● **What you need to do**
When the line containing "(* Write T = 1" appears in the entries below, begin printing there and stop after the line containing "- Summation: as"; print each of those lines exactly and no other line.

● **Stored items**
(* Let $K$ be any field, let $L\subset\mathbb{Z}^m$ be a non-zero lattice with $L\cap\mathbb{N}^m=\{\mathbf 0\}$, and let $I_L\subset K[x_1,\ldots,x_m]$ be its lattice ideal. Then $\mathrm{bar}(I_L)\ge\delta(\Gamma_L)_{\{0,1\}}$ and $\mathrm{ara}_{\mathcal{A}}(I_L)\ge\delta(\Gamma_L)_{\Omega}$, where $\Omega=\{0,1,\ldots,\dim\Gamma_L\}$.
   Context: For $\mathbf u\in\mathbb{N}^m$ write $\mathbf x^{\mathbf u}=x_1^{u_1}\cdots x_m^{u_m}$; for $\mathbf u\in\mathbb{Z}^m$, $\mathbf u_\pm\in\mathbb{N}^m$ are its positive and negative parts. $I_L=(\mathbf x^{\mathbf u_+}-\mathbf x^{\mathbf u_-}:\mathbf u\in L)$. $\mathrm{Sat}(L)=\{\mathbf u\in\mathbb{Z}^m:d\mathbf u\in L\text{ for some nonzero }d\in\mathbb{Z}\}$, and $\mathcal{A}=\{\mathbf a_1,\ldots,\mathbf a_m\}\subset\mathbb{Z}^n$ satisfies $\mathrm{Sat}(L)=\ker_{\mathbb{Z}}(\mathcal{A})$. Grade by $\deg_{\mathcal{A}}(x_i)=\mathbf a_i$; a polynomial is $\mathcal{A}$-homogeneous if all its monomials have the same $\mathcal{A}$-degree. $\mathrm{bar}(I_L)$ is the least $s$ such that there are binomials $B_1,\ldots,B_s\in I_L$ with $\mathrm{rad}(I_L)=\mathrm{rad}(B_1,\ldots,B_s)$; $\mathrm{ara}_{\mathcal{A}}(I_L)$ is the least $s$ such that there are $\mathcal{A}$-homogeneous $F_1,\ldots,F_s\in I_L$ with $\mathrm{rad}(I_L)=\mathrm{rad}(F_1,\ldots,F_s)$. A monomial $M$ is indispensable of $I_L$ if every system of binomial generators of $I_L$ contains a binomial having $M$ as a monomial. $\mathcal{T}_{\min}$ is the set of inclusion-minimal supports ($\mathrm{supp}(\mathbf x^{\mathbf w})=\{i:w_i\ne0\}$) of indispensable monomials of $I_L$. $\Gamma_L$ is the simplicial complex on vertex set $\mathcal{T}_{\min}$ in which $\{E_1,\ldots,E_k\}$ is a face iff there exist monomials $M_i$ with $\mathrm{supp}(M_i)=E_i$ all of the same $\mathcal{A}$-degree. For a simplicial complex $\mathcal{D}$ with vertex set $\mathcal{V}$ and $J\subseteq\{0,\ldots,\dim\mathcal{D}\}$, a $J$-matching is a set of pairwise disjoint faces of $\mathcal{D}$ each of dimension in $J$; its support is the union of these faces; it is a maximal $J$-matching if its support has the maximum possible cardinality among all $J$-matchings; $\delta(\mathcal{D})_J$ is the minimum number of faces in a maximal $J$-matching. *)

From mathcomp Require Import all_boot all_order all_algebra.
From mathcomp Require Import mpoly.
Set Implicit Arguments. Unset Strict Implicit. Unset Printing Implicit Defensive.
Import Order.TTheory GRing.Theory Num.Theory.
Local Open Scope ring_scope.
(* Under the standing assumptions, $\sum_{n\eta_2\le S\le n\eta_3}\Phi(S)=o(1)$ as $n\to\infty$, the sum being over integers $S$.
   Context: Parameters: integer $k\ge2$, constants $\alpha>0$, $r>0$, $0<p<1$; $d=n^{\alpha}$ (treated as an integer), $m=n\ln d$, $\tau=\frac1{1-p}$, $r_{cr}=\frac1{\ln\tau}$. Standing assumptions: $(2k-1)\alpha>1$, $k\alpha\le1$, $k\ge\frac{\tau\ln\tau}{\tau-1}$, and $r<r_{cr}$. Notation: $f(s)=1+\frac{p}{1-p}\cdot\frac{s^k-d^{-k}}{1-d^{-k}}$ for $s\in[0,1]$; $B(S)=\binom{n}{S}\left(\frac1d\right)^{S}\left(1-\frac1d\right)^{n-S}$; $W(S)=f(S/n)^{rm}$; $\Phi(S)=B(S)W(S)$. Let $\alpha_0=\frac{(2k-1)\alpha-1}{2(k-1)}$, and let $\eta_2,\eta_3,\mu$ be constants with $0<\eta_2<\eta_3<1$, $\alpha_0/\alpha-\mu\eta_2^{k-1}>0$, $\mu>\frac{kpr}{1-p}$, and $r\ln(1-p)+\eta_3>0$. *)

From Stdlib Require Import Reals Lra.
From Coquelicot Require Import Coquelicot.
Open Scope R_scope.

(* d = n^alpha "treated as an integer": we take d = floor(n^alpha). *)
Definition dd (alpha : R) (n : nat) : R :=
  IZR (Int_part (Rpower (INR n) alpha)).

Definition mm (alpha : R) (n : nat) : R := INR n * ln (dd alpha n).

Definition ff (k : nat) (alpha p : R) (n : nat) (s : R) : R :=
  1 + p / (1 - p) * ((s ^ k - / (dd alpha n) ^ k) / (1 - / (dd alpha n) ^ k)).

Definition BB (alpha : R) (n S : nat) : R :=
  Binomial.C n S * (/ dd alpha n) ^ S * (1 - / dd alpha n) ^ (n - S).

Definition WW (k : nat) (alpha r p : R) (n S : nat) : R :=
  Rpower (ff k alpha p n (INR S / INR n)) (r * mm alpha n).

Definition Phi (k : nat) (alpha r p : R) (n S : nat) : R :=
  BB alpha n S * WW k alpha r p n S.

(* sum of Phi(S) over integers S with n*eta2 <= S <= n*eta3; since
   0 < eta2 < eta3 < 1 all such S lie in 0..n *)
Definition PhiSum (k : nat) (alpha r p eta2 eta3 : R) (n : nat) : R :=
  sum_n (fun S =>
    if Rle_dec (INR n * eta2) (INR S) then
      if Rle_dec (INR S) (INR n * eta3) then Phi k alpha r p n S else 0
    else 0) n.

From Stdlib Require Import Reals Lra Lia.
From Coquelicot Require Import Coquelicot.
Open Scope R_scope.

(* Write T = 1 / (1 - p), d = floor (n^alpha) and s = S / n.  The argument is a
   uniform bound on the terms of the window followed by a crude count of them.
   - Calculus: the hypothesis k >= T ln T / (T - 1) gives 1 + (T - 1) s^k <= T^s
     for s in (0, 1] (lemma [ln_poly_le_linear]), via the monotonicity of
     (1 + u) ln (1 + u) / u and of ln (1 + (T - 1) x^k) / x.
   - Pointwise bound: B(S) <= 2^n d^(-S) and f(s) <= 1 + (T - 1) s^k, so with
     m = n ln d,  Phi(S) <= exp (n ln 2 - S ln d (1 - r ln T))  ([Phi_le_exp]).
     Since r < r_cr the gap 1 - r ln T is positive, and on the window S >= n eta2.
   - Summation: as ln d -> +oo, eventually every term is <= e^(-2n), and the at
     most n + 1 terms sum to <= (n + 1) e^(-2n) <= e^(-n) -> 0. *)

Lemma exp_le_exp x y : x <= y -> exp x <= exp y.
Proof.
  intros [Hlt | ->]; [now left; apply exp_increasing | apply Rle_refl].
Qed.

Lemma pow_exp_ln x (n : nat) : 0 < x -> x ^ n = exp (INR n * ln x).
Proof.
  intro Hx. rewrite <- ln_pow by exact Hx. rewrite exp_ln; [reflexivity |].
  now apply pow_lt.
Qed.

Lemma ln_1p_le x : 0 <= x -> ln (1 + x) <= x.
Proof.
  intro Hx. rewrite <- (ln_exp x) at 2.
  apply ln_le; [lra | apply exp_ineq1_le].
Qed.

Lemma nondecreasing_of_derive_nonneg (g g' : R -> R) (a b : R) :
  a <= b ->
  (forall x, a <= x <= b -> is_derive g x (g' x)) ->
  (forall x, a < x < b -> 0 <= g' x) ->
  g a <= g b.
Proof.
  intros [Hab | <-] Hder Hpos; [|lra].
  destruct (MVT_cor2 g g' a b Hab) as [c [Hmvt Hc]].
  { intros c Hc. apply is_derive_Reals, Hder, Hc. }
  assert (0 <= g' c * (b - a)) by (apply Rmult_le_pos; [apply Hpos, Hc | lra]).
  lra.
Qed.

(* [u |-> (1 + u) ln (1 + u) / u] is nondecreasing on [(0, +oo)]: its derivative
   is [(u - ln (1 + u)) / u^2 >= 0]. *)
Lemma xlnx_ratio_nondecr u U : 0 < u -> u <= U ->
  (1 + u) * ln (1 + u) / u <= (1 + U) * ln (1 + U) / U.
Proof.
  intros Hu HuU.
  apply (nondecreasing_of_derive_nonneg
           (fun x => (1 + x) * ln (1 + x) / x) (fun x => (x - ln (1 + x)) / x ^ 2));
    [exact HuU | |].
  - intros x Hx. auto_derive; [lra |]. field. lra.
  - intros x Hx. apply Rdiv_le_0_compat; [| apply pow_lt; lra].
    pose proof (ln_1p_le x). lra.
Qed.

● **Written response**
(* Write T = 1 / (1 - p), d = floor (n^alpha) and s = S / n.  The argument is a
   uniform bound on the terms of the window followed by a crude count of them.
   - Calculus: the hypothesis k >= T ln T / (T - 1) gives 1 + (T - 1) s^k <= T^s
     for s in (0, 1] (lemma [ln_poly_le_linear]), via the monotonicity of
     (1 + u) ln (1 + u) / u and of ln (1 + (T - 1) x^k) / x.
   - Pointwise bound: B(S) <= 2^n d^(-S) and f(s) <= 1 + (T - 1) s^k, so with
     m = n ln d,  Phi(S) <= exp (n ln 2 - S ln d (1 - r ln T))  ([Phi_le_exp]).
     Since r < r_cr the gap 1 - r ln T is positive, and on the window S >= n eta2.
   - Summation: as ln d -> +oo, eventually every term is <= e^(-2n), and the at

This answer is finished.